As mentioned above nobody uses a single turn primary because the coupling is going to be very poor. But, this machine was having iron core. So, I expected that while coupling may be poor but it will not be too bad. So, my first task was to see whether I could create sufficient loop voltage on the plasma side by giving 50 volts or so on the primary side of a single-turn coil. So, with those 7 transistors in parallel on an old copper plate I created an oscillating voltage connected to a makeshift single turn primary coil and then measured to see if was creating enough electric field to breakdown the gas. Luckily for me, I saw that I was getting enough voltage and the loss was not too bad. However, after trying it few times, I found that the transistors were destroyed. That was very surprising to me. But, then after discussing with VECC engineers I realized that I needed to put something to take care of the fact that the load was inductive. So, when you switch the transistor on or off, there will be a high voltage spike that could destroy the transistor. So, I had to put a protection to make sure that this would not happen.

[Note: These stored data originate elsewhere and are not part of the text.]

(* Let $m\ge 2$, let $\bar l(x)=\sum_{v=0}^{m} b_v x^v$ be a primitive polynomial of degree $m$ over $\mathbb{F}_2$, and let $l(x)=\sum_{v=0}^m b_v x^{2^v}$. Then exactly one of $c_0=\sum_{j\ge0} b_{2j}$ and $c_1=\sum_{j\ge 0} b_{2j+1}$ (with $b_u=0$ for $u>m$) is zero, and the polynomial $$\frac{l(x)^2+l(x)+1}{x^2+x+1}$$ is an irreducible polynomial of degree $2(2^m-1)$ over $\mathbb{F}_2$.
   Context: A primitive polynomial of degree $m$ over $\mathbb{F}_2$ is a monic irreducible polynomial of degree $m$ whose roots generate $\mathbb{F}_{2^m}^*$. *)

From HB Require Import structures.
From mathcomp Require Import all_boot all_order all_algebra.
Set Implicit Arguments. Unset Strict Implicit. Unset Printing Implicit Defensive.
Import GRing.Theory.
Local Open Scope ring_scope.

(* A primitive polynomial of degree m over F_2: monic, irreducible, of degree m,
   and its root (the class of 'X in F_2[x]/(p) = F_{2^m}) has multiplicative
   order 2^m - 1, i.e. generates F_{2^m}^*.  The order of the root is expressed
   as: p divides X^(2^m-1) - 1 and p divides no X^k - 1 with 0 < k < 2^m - 1. *)
Definition primitive_poly (m : nat) (p : {poly 'F_2}) : Prop :=
  [/\ p \is monic, size p = m.+1, irreducible_poly p,
      p %| 'X^(2 ^ m - 1) - 1
    & forall k : nat, (0 < k < 2 ^ m - 1)%N -> ~~ (p %| 'X^k - 1)].

Definition linearized (p : {poly 'F_2}) : {poly 'F_2} :=
  \sum_(v < size p) p`_v *: 'X^(2 ^ v).
(* Substituting u_x = b + c A - 2 G turns um_source into r u m + G^2 m - (b + c A) G m. *)
Lemma G_sq_m_integral_le t : Icl T t ->
  RInt (fun x => G t x ^ 2 * m t x) 0 L <= RInt (um_source t) 0 L + b / (8 * c).
Proof.
intros Ht; pose proof m_cont; pose proof G_cont; pose proof um_source_cont.
set (A := RInt (fun y => ux t y * m t y) 0 L).
apply Rle_trans with (RInt (fun x => (b + c * A) * (G t x * m t x) + um_source t x) 0 L).
- apply (RInt_rect_le T L) with (f := fun t x => G t x ^ 2 * m t x)
    (g := fun t x => (b + c * A) * (G t x * m t x) + um_source t x); auto; try rect_continuity.
  intros x Hx; unfold um_source.
  replace (ux t x) with (b + c * A - 2 * G t x) by (unfold Gfun, A; field).
  pose proof (Rmult_le_pos _ _ (Rlt_le _ _ Hr)
    (Rmult_le_pos _ _ (u_nonneg t x Ht Hx) (m_nonneg t x Ht Hx))).
  lra.
- rewrite (RInt_rect_plus T L) with (f := fun t x => (b + c * A) * (G t x * m t x)) (g := um_source)
    by (auto; rect_continuity).
  rewrite (RInt_rect_scal T L) with (f := fun t x => G t x * m t x) by (auto; rect_continuity).
  rewrite G_m_integral by auto; fold A.
  pose proof (duality_quadratic_bound b c A Hbc Hc (Rlt_le _ _ Hb)); lra.
Qed.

With the first small scale trial I was encouraged to go ahead and create a sufficiently large power supply which could give enough power to create a proper plasma discharge and could be used to clean the inside wall of the machine. So I did some calculations and came up with the requirement that I would need about 150 transistors working in parallel along with a sufficient large DC power supply of 20-30 KW to make it possible. So, from market, I purchased large number of 2N3773 transistors. I borrowed more transistor copper plates from VECC which also had a water-cooling channel built-in to keep the transistors cool. This would have been very handy in case the transistor started to heat up. So, I used 5 different copper plates each having 30 transistors in parallel and then all of them in parallel together. Each of them had the balancing resistance and protection from back EMF due to inductive load. I also borrowed an old three-phase transformer along with a 3-phase rectifier set from VECC that was kept as a spare one. As I brought the transformer, I used a 3-phase variac to control the AC voltage. This variac was lying around for long time in the lab and no one was using it. After putting together full system, I got ready to try out the system. Just when I was about to put on the system, one of the Scientists came and said that the particular 3-phase variac belongs to him and he wants to use it. I asked him to wait for couple of hours so I can finish my trial.

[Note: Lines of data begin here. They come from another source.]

(* Adjoining v to X halves the dual, so some element of the dual of X is not
   orthogonal to v. *)
Lemma exists_tdual_symp_neq0 X v : additive_code X -> v \notin X ->
  exists2 h, h \in tdual X & symp h v != 0.
Proof.
move=> aX vX.
have c1 := card_tdual aX; have c2 := card_tdual (additive_adjoin v aX).
rewrite card_adjoin // in c2.
have X0 : (0 < #|X|)%N by apply/card_gt0P; exists 0; case: aX.
have lt : (#|tdual (adjoin X v)| < #|tdual X|)%N.
  have: (0 < #|tdual (adjoin X v)|)%N.
    by apply/card_gt0P; exists 0; case: (additive_tdual (adjoin X v)).
  have: (#|X| * #|tdual X| = #|X| * (2 * #|tdual (adjoin X v)|))%N.
    by rewrite c1 -c2 mulnCA mulnA.
  by move/eqP; rewrite eqn_pmul2l // => /eqP ->; lia.
have: ~~ (tdual X \subset tdual (adjoin X v)).
  by apply/negP => /subset_leq_card; rewrite leqNgt lt.
case/subsetPn => h hX; rewrite tdualE => /forall_inPn [a].
rewrite inE => /orP [aX0 | /imsetP [x xX ->]].
  by move/tdualP: hX => /(_ a aX0) ->.
move/tdualP: (hX) => hXorth; rewrite sympDl (hXorth x xX) addr0 sympC => hv.
by exists h.
Qed.

(* Translation by such an h maps the g orthogonal to v injectively to the g not
   orthogonal to v, within the dual of X. *)
Lemma card_orth_tdual_setD X v : additive_code X -> self_orthogonal X ->
  v \in tdual X -> v \notin X ->
  (2 * #|[set g in tdual X :\: X | symp g v == 0%R]| <= #|tdual X :\: X|)%N.
Proof.
move=> aX so vT vX; case: (exists_tdual_symp_neq0 aX vX) => h hT hv.
set T := tdual X; set Z := [set g | symp g v == 0].
have ZT_le : (#|T :&: Z| <= #|T :\: Z|)%N.
  rewrite -(card_imset _ (addIr h)); apply/subset_leq_card/subsetP => y.
  case/imsetP => g; rewrite in_setI => /andP [gT gZ] ->.
  case: (additive_tdual X) => _ Tadd; rewrite in_setD Tadd // andbT.
  by rewrite inE in gZ; rewrite inE sympDl (eqP gZ) add0r.
have XZ : X \subset T :&: Z.
  apply/subsetP => x xX; rewrite in_setI (subsetP so) //=.
  by rewrite inE; move/tdualP: vT => ->.
have -> : [set g in T :\: X | symp g v == 0] = (T :&: Z) :\: X.
  apply/setP => g; rewrite !in_setD !in_setI [in LHS]inE in_setD [g \in Z]inE.
  by case: (g \in X); case: (g \in T); case: (symp g v == 0).
have := cardsID Z T; have := subset_leq_card XZ; move: ZT_le.
rewrite !cardsD (setIidPr XZ) (setIidPr so).
by move: #|T :&: Z| #|T :\: Z| #|T| #|X| => a b c d; lia.
Qed.

Definition bad_count B X := #|B :&: (tdual X :\: X)|.

Lemma card_set_pred (W : {set V}) (P : pred V) :
  #|[set v in W | P v]| = (\sum_(v in W) P v)%N.
Proof.
rewrite -sum1_card [LHS]big_mkcond [RHS]big_mkcond /=; apply: eq_bigr => x _.
by rewrite inE; case: (x \in W); case: (P x).
Qed.

(* A vector v of (tdual X :\: X) remains in the new difference only when g is
   orthogonal to v, which happens for at most half of the candidates g. *)
Lemma sum_bad_count_adjoin X B : additive_code X -> self_orthogonal X ->
  (\sum_(g in tdual X :\: X) 2 * bad_count B (adjoin X g)
     <= #|tdual X :\: X| * bad_count B X)%N.
Proof.
move=> aX so; set G := tdual X :\: X; set W := B :&: G.
have bad_le g :
    (bad_count B (adjoin X g) <= \sum_(v in W) (symp g v == 0%R : nat))%N.
  rewrite -card_set_pred /bad_count; apply/subset_leq_card/subsetP => v.
  rewrite in_setI in_setD => /and3P [vB vE vT].
  rewrite inE /W in_setI in_setD vB (subsetP (tdualS (subset_adjoin X g))) //= andbT.
  apply/andP; split; first by apply: contra vE; apply: (subsetP (subset_adjoin X g)).
  move/tdualP: vT => -> //; rewrite inE; apply/orP; right.
  by apply/imsetP; exists 0; [case: aX | rewrite addr0].
apply: (@leq_trans (\sum_(g in G) 2 * \sum_(v in W) (symp g v == 0%R : nat))).
  by apply: leq_sum => g _; rewrite leq_mul2l bad_le orbT.
rewrite -big_distrr /= exchange_big /= big_distrr /=.
rewrite /bad_count -/G -/W mulnC -sum1_card big_distrl /=; apply: leq_sum => v vW.
have /setDP [vT vX] : v \in G by move: vW; rewrite in_setI => /andP [].
by rewrite mul1n -card_set_pred card_orth_tdual_setD.
Qed.

Lemma exists_le_average (G : {set V}) (f : V -> nat) K :
  (0 < #|G|)%N -> (\sum_(g in G) f g <= #|G| * K)%N ->
  exists2 g, g \in G & (f g <= K)%N.
Proof.
move=> G0 sumG; apply/exists_inP; apply: contraLR sumG => /exists_inPn fK.
rewrite -ltnNge (@leq_trans (#|G| * K.+1)) ?ltn_pmul2l //.
by rewrite -sum_nat_const; apply: leq_sum => g /fK; rewrite -ltnNge.
Qed.

Lemma exists_adjoin_decrease s (B : 'I_s -> {set V}) (c : 'I_s -> nat) X :
  additive_code X -> self_orthogonal X -> (#|X| < 2 ^ n)%N ->
  exists2 g, g \in tdual X :\: X &
    (\sum_i bad_count (B i) (adjoin X g) * 2 ^ (c i).+1
       <= \sum_i bad_count (B i) X * 2 ^ c i)%N.
Proof.
move=> aX so Xsmall; set G := tdual X :\: X.
apply: exists_le_average; first exact: card_tdual_setD_gt0.
rewrite exchange_big /= big_distrr /=; apply: leq_sum => i _.
under eq_bigr do rewrite expnS mulnCA mulnA.
by rewrite -big_distrl /= mulnA leq_mul2r sum_bad_count_adjoin ?orbT.
Qed.

Definition isotropic_chain (D : nat -> {set V}) (t : nat) : Prop :=
  (forall u, (u <= t)%N ->
     [/\ additive_code (D u), self_orthogonal (D u) & #|D u| = (2 ^ u)%N]) /\
  (forall u w, (u <= w <= t)%N -> D u \subset D w).

Lemma isotropic_chain0 : isotropic_chain (fun=> [set 0 : V]) 0.
Proof.
split=> [u | u w _]; last exact: subxx.
rewrite leqn0 => /eqP ->; split; last by rewrite cards1.
- by split=> [|a b]; rewrite ?set11 // !inE => /eqP-> /eqP->; rewrite addr0.
- by apply/subsetP => v; rewrite inE => /eqP->; apply/tdualP => ? _; rewrite symp0r.
Qed.

Lemma isotropic_chain_adjoin D t g :
  isotropic_chain D t -> g \in tdual (D t) :\: D t ->
  isotropic_chain (fun u => if (u <= t)%N then D u else adjoin (D t) g) t.+1.
Proof.
move=> [Dcode Dmono] /setDP [gT gD]; have [aD soD cD] := Dcode t (leqnn t).
split=> [u | u w /andP [uw]]; rewrite leq_eqVlt ltnS.
  case/orP => [/eqP-> | /[dup] ut ->]; last exact: Dcode.
  rewrite ltnn; split; [exact: additive_adjoin | exact: self_orthogonal_adjoin |].
  by rewrite card_adjoin // cD expnS.
case/orP => [/eqP-> | wlt]; rewrite ?ltnn ?wlt ?(leq_trans uw wlt) ?Dmono ?uw //.
case: leqP => [ut | _]; last exact: subxx.
by apply: subset_trans (subset_adjoin _ g); apply: Dmono; rewrite ut leqnn.
Qed.

Lemma greedy_isotropic_chain s (m : 'I_s -> nat) (B : 'I_s -> {set V}) M :
  (forall i, m i <= M)%N -> (M <= n)%N ->
  (\sum_i #|B i| * 2 ^ (M - m i) < 2 ^ M)%N ->
  exists D, isotropic_chain D M /\
    forall i v, v \in tdual (D (m i)) :\: D (m i) -> v \notin B i.
Proof.
move=> mM Mn B_small.
(* Phi stays below 2 ^ M along the greedy chain, while a single word of B i
   surviving at dimension m i would contribute 2 ^ M to it. *)
pose Phi u X := (\sum_i bad_count (B i) X * 2 ^ (u + (M - m i)))%N.
have chain t : (t <= M)%N -> exists D, isotropic_chain D t /\
    forall u, (u <= t)%N -> (Phi u (D u) < 2 ^ M)%N.
  elim: t => [_ | t IH tM].
    exists (fun=> [set 0 : V]); split=> [|u]; first exact: isotropic_chain0.
    rewrite leqn0 => /eqP->; apply: leq_ltn_trans B_small.
    by apply: leq_sum => i _; rewrite leq_mul2r subset_leq_card ?subsetIl ?orbT.
  have [D [DC DPhi]] := IH (ltnW tM); have [aD soD cD] := DC.1 t (leqnn t).
  have Dsmall : (#|D t| < 2 ^ n)%N by rewrite cD ltn_exp2l // (leq_trans tM).
  have [g gD Phi_g] :=
    exists_adjoin_decrease B (fun i => t + (M - m i))%N aD soD Dsmall.
  exists (fun u => if (u <= t)%N then D u else adjoin (D t) g).
  split=> [|u]; first exact: isotropic_chain_adjoin.
  rewrite leq_eqVlt ltnS => /orP [/eqP-> | /[dup] ut ->]; last exact: DPhi.
  rewrite ltnn; apply: leq_ltn_trans (DPhi t (leqnn t)).
  by apply: leq_trans Phi_g; rewrite /Phi; under eq_bigr do rewrite addSn.
have [D [DC DPhi]] := chain M (leqnn M).
exists D; split=> // i v vD; apply/negP => vB.
have bad_pos : (0 < bad_count (B i) (D (m i)))%N.
  by rewrite card_gt0; apply/set0Pn; exists v; rewrite in_setI vB.
have := DPhi (m i) (mM i); rewrite /Phi (bigD1 i) //= subnKC // ltnNge.
by rewrite (leq_trans _ (leq_addr _ _)) ?leq_pmull.
Qed.

End GreedyChain.

Lemma sum_weighted_lt s (a m : 'I_s -> nat) M :
  (forall i, m i <= M)%N -> (forall i, s * a i < 2 ^ m i)%N ->
  (\sum_i a i * 2 ^ (M - m i) < 2 ^ M)%N.
Proof.
move=> mM a_small; case: s a m mM a_small => [|s] a m mM a_small.
  by rewrite big_ord0 expn_gt0.
have term i : (s.+1 * (a i * 2 ^ (M - m i)) < 2 ^ M)%N.
  by rewrite mulnA -{2}(subnKC (mM i)) expnD ltn_pmul2r ?expn_gt0.
have: (\sum_i (s.+1 * (a i * 2 ^ (M - m i))).+1 <= \sum_(i < s.+1) 2 ^ M)%N.
  exact: leq_sum.
rewrite sum_nat_const card_ord; under eq_bigr do rewrite -addn1.
rewrite big_split /= -big_distrr sum_nat_const card_ord /=; nia.
Qed.

From mathcomp Require Import all_classical all_reals all_analysis.
Import Order.TTheory GRing.Theory Num.Theory.
Local Open Scope ring_scope.

(** * Counting low-weight words *)

Lemma card_F4 : #|F4| = 4%N.
Proof. by rewrite card_prod card_Fp. Qed.

Lemma sum_F4_nonzero (R : pzSemiRingType) (x : R) :
  \sum_(a : F4) (if a != 0 then x else 1) = 1 + x *+ 3.
Proof.
rewrite (bigD1 (0 : F4)) //=; congr (_ + _).
rewrite (eq_bigr (fun=> x)) => [|a /negbTE -> //].
by rewrite sumr_const cardC1 card_F4.
Qed.

Lemma sum_expr_wt (R : comPzSemiRingType) n (x : R) :
  \sum_(v : 'rV[F4]_n) x ^+ wt v = (1 + x *+ 3) ^+ n.
Proof.
have wtE v : x ^+ wt v = \prod_i (if v 0 i != 0 then x else 1).
  by rewrite /wt -prodr_const big_mkcond /=; apply: eq_bigr => i _; rewrite inE.
under eq_bigr do rewrite wtE.
have -> : (1 + x *+ 3) ^+ n = \prod_(i < n) (1 + x *+ 3).
  by rewrite prodr_const card_ord.
under [in RHS]eq_bigr do rewrite -(sum_F4_nonzero x).
rewrite bigA_distr_bigA /= (reindex (fun f : {ffun 'I_n -> F4} => \row_i f i)) /=.
  by apply: eq_bigr => f _; apply: eq_bigr => i _; rewrite mxE.
exists (fun v : 'rV[F4]_n => [ffun i => v 0 i]) => f _.
  by apply/ffunP => i; rewrite ffunE mxE.
by apply/rowP => i; rewrite !mxE ffunE.
Qed.

(* Chernoff: since x <= 1, a word of weight < rho has x ^ wt v >= x ^ rho. *)
Lemma card_low_weight_le (R : realType) n (x rho : R) : 0 < x -> x <= 1 ->
  #|[set v : 'rV[F4]_n | (wt v)%:R < rho]|%:R
    <= expR (- (rho * ln x)) * (1 + x *+ 3) ^+ n.
Proof.
move=> x0 x1; set S := [set v : 'rV[F4]_n | _].
rewrite -sum_expr_wt mulr_sumr -sumr_const [X in _ <= X](bigID (mem S)) /=.
apply: ler_wpDr.
  by apply: sumr_ge0 => v _; rewrite mulr_ge0 ?expR_ge0 ?exprn_ge0 ?ltW.
apply: ler_sum => v; rewrite inE => vS.
rewrite -[x ^+ _]lnK ?posrE ?exprn_gt0 // lnXn // -expRD.
apply: le_trans (expR_ge1Dx _); rewrite lerDl.
have := ln_le0 x1; nra.
Qed.

Lemma ln4E (R : realType) : ln (4 : R) = ln 2 + ln 2.
Proof. by rewrite -lnM ?posrE //; congr ln; lra. Qed.

Lemma H4_three_quarters (R : realType) : H4 (3 / 4 : R) = 1.
Proof.
have l2 : 0 < ln (2 : R) by apply: ln_gt0; lra.
rewrite /H4 /log4.
have -> : 3 / 4 / 3 = 4^-1 :> R by field.
have -> : 1 - 3 / 4 = 4^-1 :> R by field.
by rewrite lnV ?posrE // ln4E; field; lra.
Qed.

Lemma ln4_H4 (R : realType) (d : R) : 0 < d < 1 ->
  ln 4 * H4 d = - d * ln (d / (3 * (1 - d))) - ln (1 - d).
Proof.
move=> /andP [d0 d1].
have l2 : 0 < ln (2 : R) by apply: ln_gt0; lra.
have l4 : ln (4 : R) != 0 by rewrite ln4E lt0r_neq0 ?addr_gt0.
have d1' : 0 < 1 - d by lra.
have lnD3 : ln (d / 3) = ln d - ln 3 by rewrite lnM ?lnV ?posrE ?invr_gt0.
have lnDx : ln (d / (3 * (1 - d))) = ln d - ln 3 - ln (1 - d).
  by rewrite lnM ?lnV ?posrE ?invr_gt0 ?mulr_gt0 // lnM ?posrE //; lra.
by rewrite /H4 /log4 lnD3 lnDx; field.
Qed.

(* x = d / (3 (1 - d)) minimises the Chernoff exponent, which then becomes
   the entropy. *)
Lemma card_low_weight_entropy (R : realType) n (d eps : R) : 0 < d < 3 / 4 ->
  #|[set v : 'rV[F4]_n | (wt v)%:R < (d - eps) * n%:R]|%:R
    <= expR (n%:R * (ln 4 * H4 d + eps * ln (d / (3 * (1 - d))))).
Proof.
move=> /andP [d0 d34]; set x := d / (3 * (1 - d)).
have d1 : 0 < 1 - d by lra.
have x0 : 0 < x by rewrite divr_gt0 ?mulr_gt0.
have x1 : x <= 1 by rewrite ler_pdivrMr ?mulr_gt0 //; lra.
apply: le_trans (card_low_weight_le n _ x0 x1) _.
have -> : 1 + x *+ 3 = (1 - d)^-1 by rewrite /x; field; lra.
rewrite -[(1 - d)^-1]lnK ?posrE ?invr_gt0 // -expRM_natl -expRD lnV ?posrE //.
rewrite ln4_H4; last by apply/andP; split; lra.
have -> : - ((d - eps) * n%:R * ln x) + n%:R * - ln (1 - d)
          = n%:R * (- d * ln x - ln (1 - d) + eps * ln x) by ring.
by [].
Qed.

Lemma card_low_weight_lt (R : realType) (s n k : nat) (r d eps : R) :
  (0 < s)%N -> 0 < r -> r < 1 -> 0 < eps -> 0 < d <= 3 / 4 -> H4 d = (1 - r) / 2 ->
  r * n%:R = k%:R -> ln s%:R / (eps * - ln (d / (3 * (1 - d)))) < n%:R ->
  (s * #|[set v : 'rV[F4]_n | ((wt v)%:R < (d - eps) * n%:R)%R]| < 2 ^ (n - k))%N.
Proof.
move=> s0 r0 r1 e0 /andP [d0 d34] Hd rk n_large.
have d_lt : d < 3 / 4.
  rewrite lt_neqAle d34 andbT; apply/eqP => d_eq.
  by move: Hd; rewrite d_eq H4_three_quarters; lra.
set x := d / (3 * (1 - d)) in n_large *.
have x0 : 0 < x by rewrite divr_gt0 ?mulr_gt0 //; lra.
have lnx : ln x < 0 by rewrite ln_lt0 // x0 ltr_pdivrMr ?mulr_gt0 //; lra.
have kn : (k <= n)%N by rewrite -(ler_nat R) -rk; have := ler0n R n; nra.
have lns : ln s%:R < n%:R * (eps * - ln x).
  by rewrite -ltr_pdivrMr // mulr_gt0 // oppr_gt0.
rewrite -(ltr_nat R) natrM natrX -[2 : R]lnK ?posrE // -expRM_natl natrB // -rk.
rewrite -[s%:R]lnK ?posrE ?ltr0n //.
apply: le_lt_trans (ler_wpM2l (ltW (expR_gt0 _)) (card_low_weight_entropy n eps _)) _.
  by rewrite d0.
rewrite -expRD ltr_expR ln4E Hd -/x.
have -> : n%:R * ((ln 2 + ln 2) * ((1 - r) / 2) + eps * ln x)
          = (n%:R - r * n%:R) * ln 2 - n%:R * (eps * - ln x) by field.
lra.
Qed.

(* Beyond this length the slack eps n in the weight absorbs the factor s. *)
Definition gv_threshold (R : realType) (s : nat) (r eps : R) : nat :=
  let d := H4inv ((1 - r) / 2) in
  (Num.truncn (ln s%:R / (eps * - ln (d / (3 * (1 - d)))))).+1.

In fact that 3-phase variac was lying around in very bad condition with dust all over and so on. So, I had got it cleaned and made proper contacts to make it workable.

3 Phase Variac

In spite of several requests he insisted that he has to use it right away and I must give it to him. So, finally I took it out and gave it to him. Of course it was simply to stop me from trying out this discharge cleaning system. I had seen a similar 3 – phase variac lying unused in the workshop, although of slightly lower capacity. So, I went to the workshop and requested to borrow that 3-phase variac. They said it is not in working condition but I could take it at my own risk. I brought it and over next 2-3 days got it repaired. It was of lower capacity but was worth trying since procuring a new one would have taken lot of time. And since it was going to be a pulsed discharge, with lower duty cycle, it may survive.

Single Turn Coil

Finally with repaired variac and rest of the system, I was ready to try out creating a plasma discharge for cleaning purpose. As I said this system was unique and no one had tried anything like this. Due to this the chance of its success was very uncertain. However I found that I could get the desired plasma discharge but it was not lasting for sufficiently long time. However I was happy that at least I could break down the Hydrogen gas and create a plasma discharge. Now, my next task was to prolong the discharge to last for about 60 milliseconds. So, I made some modifications and after few trials, I could sustain the discharge for as long as I wished. Then I made the provision that I could create 60 millisecond discharge to be repeated every 1.5 second. After getting all the systems ready, now I was in the mood to test it and see whether the discharge cleaning system that I had developed could clean the impurities that were adsorbed in the wall of the vacuum vessel.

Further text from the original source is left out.